Add new features for the digit dataset in the enhancedFeatureExtractor
function. Note that you can encode a feature which takes 3 values [1, 2, 3] by using 3 binary features, of which only one is on at the time, to indicate which of the three possibilities you have. You can prototype your features and check the accuracy that you get with the following command:
python dataClassifier.py --data largeMnistDataset --feature_extractor enhancedFeatureExtractor --iter 1000 --learning_rate 0.01 --momentum 0.9
Running the softmax regression classifier with the basic features should yield 86.1% on the validation set and 87.0% on the test set. You must achieve an accuracy of at least 88% on the test set (of largeMnistDataset
) in order to pass this question. For your reference, our implementation yields 88.0% on the validation set and 89.1% on the test set when using the features descibed above. However, you may use any features as long as you achieve an accuracy of at least 88% on the test set.
As you may have experienced in question 9, hand specifying effective features is difficult so we'll have our model learn them instead! Neural networks, and in particular convolutional neural networks for images, are an effective model for learning features. The resulting learned features from these networks are oftentimes more expressive which results in substantial improvements in accuracy. However, finding a good set of hyperparameters to effectively train a large network can be difficult. Due to the limit of computation resources, the network in this question only has 2 convolution layers and 2 fully-connected layers. In practice, the networks are much bigger and requires GPUs to train in a reasonable amount of time. More information on what a convolutional network is can be found here.
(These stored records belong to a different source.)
(* $\mathrm{SL}(2,\mathbb{R})$ and $\mathrm{GL}(2,\mathbb{R})$ have the topological $R_\infty$-property.
   Context: For an automorphism $\varphi$ of a group $G$, the $\varphi$-twisted conjugacy classes are the equivalence classes of the relation $x\sim_\varphi y$ iff $y=gx\varphi(g)^{-1}$ for some $g\in G$; $R(\varphi)\in\mathbb{N}\cup\{\infty\}$ is their number. A topological group $G$ has the topological $R_\infty$-property if $R(\varphi)=\infty$ for every automorphism $\varphi$ of $G$ that is a homeomorphism (for a Lie group: every continuous automorphism). *)

From HB Require Import structures.
From mathcomp Require Import all_boot all_order all_algebra.
From mathcomp Require Import all_classical all_reals all_analysis.
Set Implicit Arguments. Unset Strict Implicit. Unset Printing Implicit Defensive.
Import Order.TTheory GRing.Theory Num.Theory.
Local Open Scope classical_set_scope.
Local Open Scope ring_scope.

Definition SL2 (R : realType) : set 'M[R^o]_2 := [set A | \det A = 1].
Definition GL2 (R : realType) : set 'M[R^o]_2 := [set A | A \in unitmx].

Definition top_aut (R : realType) (G : set 'M[R^o]_2) (phi : 'M[R^o]_2 -> 'M[R^o]_2) :=
  [/\ (forall A, G A -> G (phi A)),
      (forall A B, G A -> G B -> phi (A *m B) = phi A *m phi B),
      {within G, continuous phi} &
      exists psi : 'M[R^o]_2 -> 'M[R^o]_2,
        [/\ (forall A, G A -> G (psi A)),
            (forall A, G A -> psi (phi A) = A),
            (forall A, G A -> phi (psi A) = A) &
            {within G, continuous psi}]].

Definition twisted_class (R : realType) (G : set 'M[R^o]_2)
    (phi : 'M[R^o]_2 -> 'M[R^o]_2) (x : 'M[R^o]_2) : set 'M[R^o]_2 :=
  [set y | exists2 g, G g & y = g *m x *m invmx (phi g)].

Definition Reidemeister_infinite (R : realType) (G : set 'M[R^o]_2)
    (phi : 'M[R^o]_2 -> 'M[R^o]_2) : Prop :=
  infinite_set (twisted_class G phi @` G).

Definition top_Rinf (R : realType) (G : set 'M[R^o]_2) : Prop :=
  forall phi, top_aut G phi -> Reidemeister_infinite G phi.

From HB Require Import structures.
From mathcomp Require Import all_boot all_order all_algebra.
From mathcomp Require Import all_classical all_reals all_analysis.
From mathcomp Require Import ring lra.
Set Implicit Arguments. Unset Strict Implicit. Unset Printing Implicit Defensive.
Import Order.TTheory GRing.Theory Num.Theory.
Local Open Scope ring_scope.

(* An injective endomorphism phi of SL(2,R) sends
   the nontrivial unipotents u(t), v(t), which are conjugate to their squares,
   to elements of trace 2.  After a conjugation in GL(2,R), phi fixes u(1) and
   v(-1) and maps u(t) to u(f t) with f additive; as diag(t, 1/t) conjugates
   u(1) to u(t^2), f preserves squares, hence order, so f is the identity and
   so is phi, the unipotents generating SL(2,R).  Thus phi is conjugation by
   some K.  An automorphism of GL(2,R) has determinant 1 on SL(2,R), so it is
   A |-> l(A) K A K^-1 with a nonzero scalar l(A).  For such phi the number
   tr(y K)^2 / det(y K) only depends on the twisted class of y, and it takes
   infinitely many values on SL(2,R). *)

Lemma unitmx_idem (F : comUnitRingType) n (X : 'M[F]_n) :
  X \in unitmx -> X *m X = X -> X = 1%:M.
Proof. by move=> uX /(congr1 (mulmx (invmx X))); rewrite mulKmx // mulVmx. Qed.
(* For any $c\in\mathbb{R}$ and any $\lambda\in\mathbb{Z}\setminus\{0,1\}$, the equation $$\mu(u_t)-u_{txx}+\lambda\mu(u)u_x=\lambda u_xu_{xx}+uu_{xxx}$$ admits the peaked period-one traveling-wave solution $u(t,x)=\varphi(x-ct)$, where $$\varphi(x)=\frac{c}{26}\big(12x^2+23\big)\quad\text{for }x\in[-\tfrac12,\tfrac12],$$ and $\varphi$ is extended periodically (with period $1$) to the real line.
   Context: Here $u(t,\cdot)$ is a $1$-periodic function on $\mathbb{R}$ (a function on $S^1=\mathbb{R}/\mathbb{Z}$) and $\mu(u)=\int_0^1u\,dx$. Since $\varphi$ is not smooth at $x\equiv\frac12\pmod 1$, the solution is understood in the weak sense, i.e. as a distributional solution of $u_t+uu_x+\Lambda_\mu^{-2}\partial_x\big(\lambda\mu(u)u+\frac{3-\lambda}{2}u_x^2\big)=0$, where $\Lambda_\mu^{-2}$ is the inverse of $\Lambda_\mu^2v=\mu(v)-v_{xx}$. *)

From Stdlib Require Import Reals.
From Coquelicot Require Import Coquelicot.
Open Scope R_scope.

Definition mu (f : R -> R) : R := RInt f 0 1.

Definition periodic1 (f : R -> R) : Prop := forall x, f (x + 1) = f x.

(** Spatial derivative u_x(t,x) (pointwise; for Lipschitz u it is the a.e.
    derivative, which is all that enters the integrals below). *)
Definition ux (u : R -> R -> R) (t x : R) : R := Derive (fun y => u t y) x.

Definition smooth1 (f : R -> R) : Prop :=
  exists D : nat -> R -> R, D O = f /\
    forall n x, is_derive (D n) x (D (S n) x).

Definition smooth2 (f : R -> R -> R) : Prop :=
  exists D : nat -> nat -> R -> R -> R, D O O = f /\
    (forall i j t x, is_derive (fun s => D i j s x) t (D (S i) j t x)) /\
    (forall i j t x, is_derive (fun y => D i j t y) x (D i (S j) t x)) /\
    (forall i j (p : R * R),
        continuous (fun q : R * R => D i j (fst q) (snd q)) p).

Definition test_fun (psi : R -> R -> R) (T : R) : Prop :=
  smooth2 psi /\ (forall t, periodic1 (psi t)) /\
  (forall t x, T < Rabs t -> psi t x = 0).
In this question, a full implementation of a convolutional network is provided for you in models.py
. The code to train and evaluate the model is also provided for you in dataClassifier.py
. The various commands to run the file can be found by
python dataClassifier.py --help
Just as in question 8, you should find a set of hyperperparameters that give you the best accuracy after the model is trained. For this question, you should choose the learning rate and the momentum so that you achieve at least an accuracy of 97% on the MNIST test set when using a batch size of 32 and 1000 iterations. You may use the provided script to try out your choice of hyperparameters:
python dataClassifier.py -m ConvNetModel -s MinibatchStochasticGradientDescentSolver --batch_size 32 --learning_rate [learning_rate] --momentum [momentum] --iterations 1000 --data mnistDataset
You can also try multiple hyperparameter combinations using the hyperparameter search code that you wrote for the last question:
python dataClassifier.py -m ConvNetModel -s MinibatchStochasticGradientDescentSolver --batch_size 32 --learning_rate [learning_rate0] [learning_rate1] --momentum [momentum0] [momentum1] --iterations 1000 --data mnistDataset
After you find the set of hyperparameters, write them in the q10
method of answers.py
.
Submit your assignment using these submission instructions.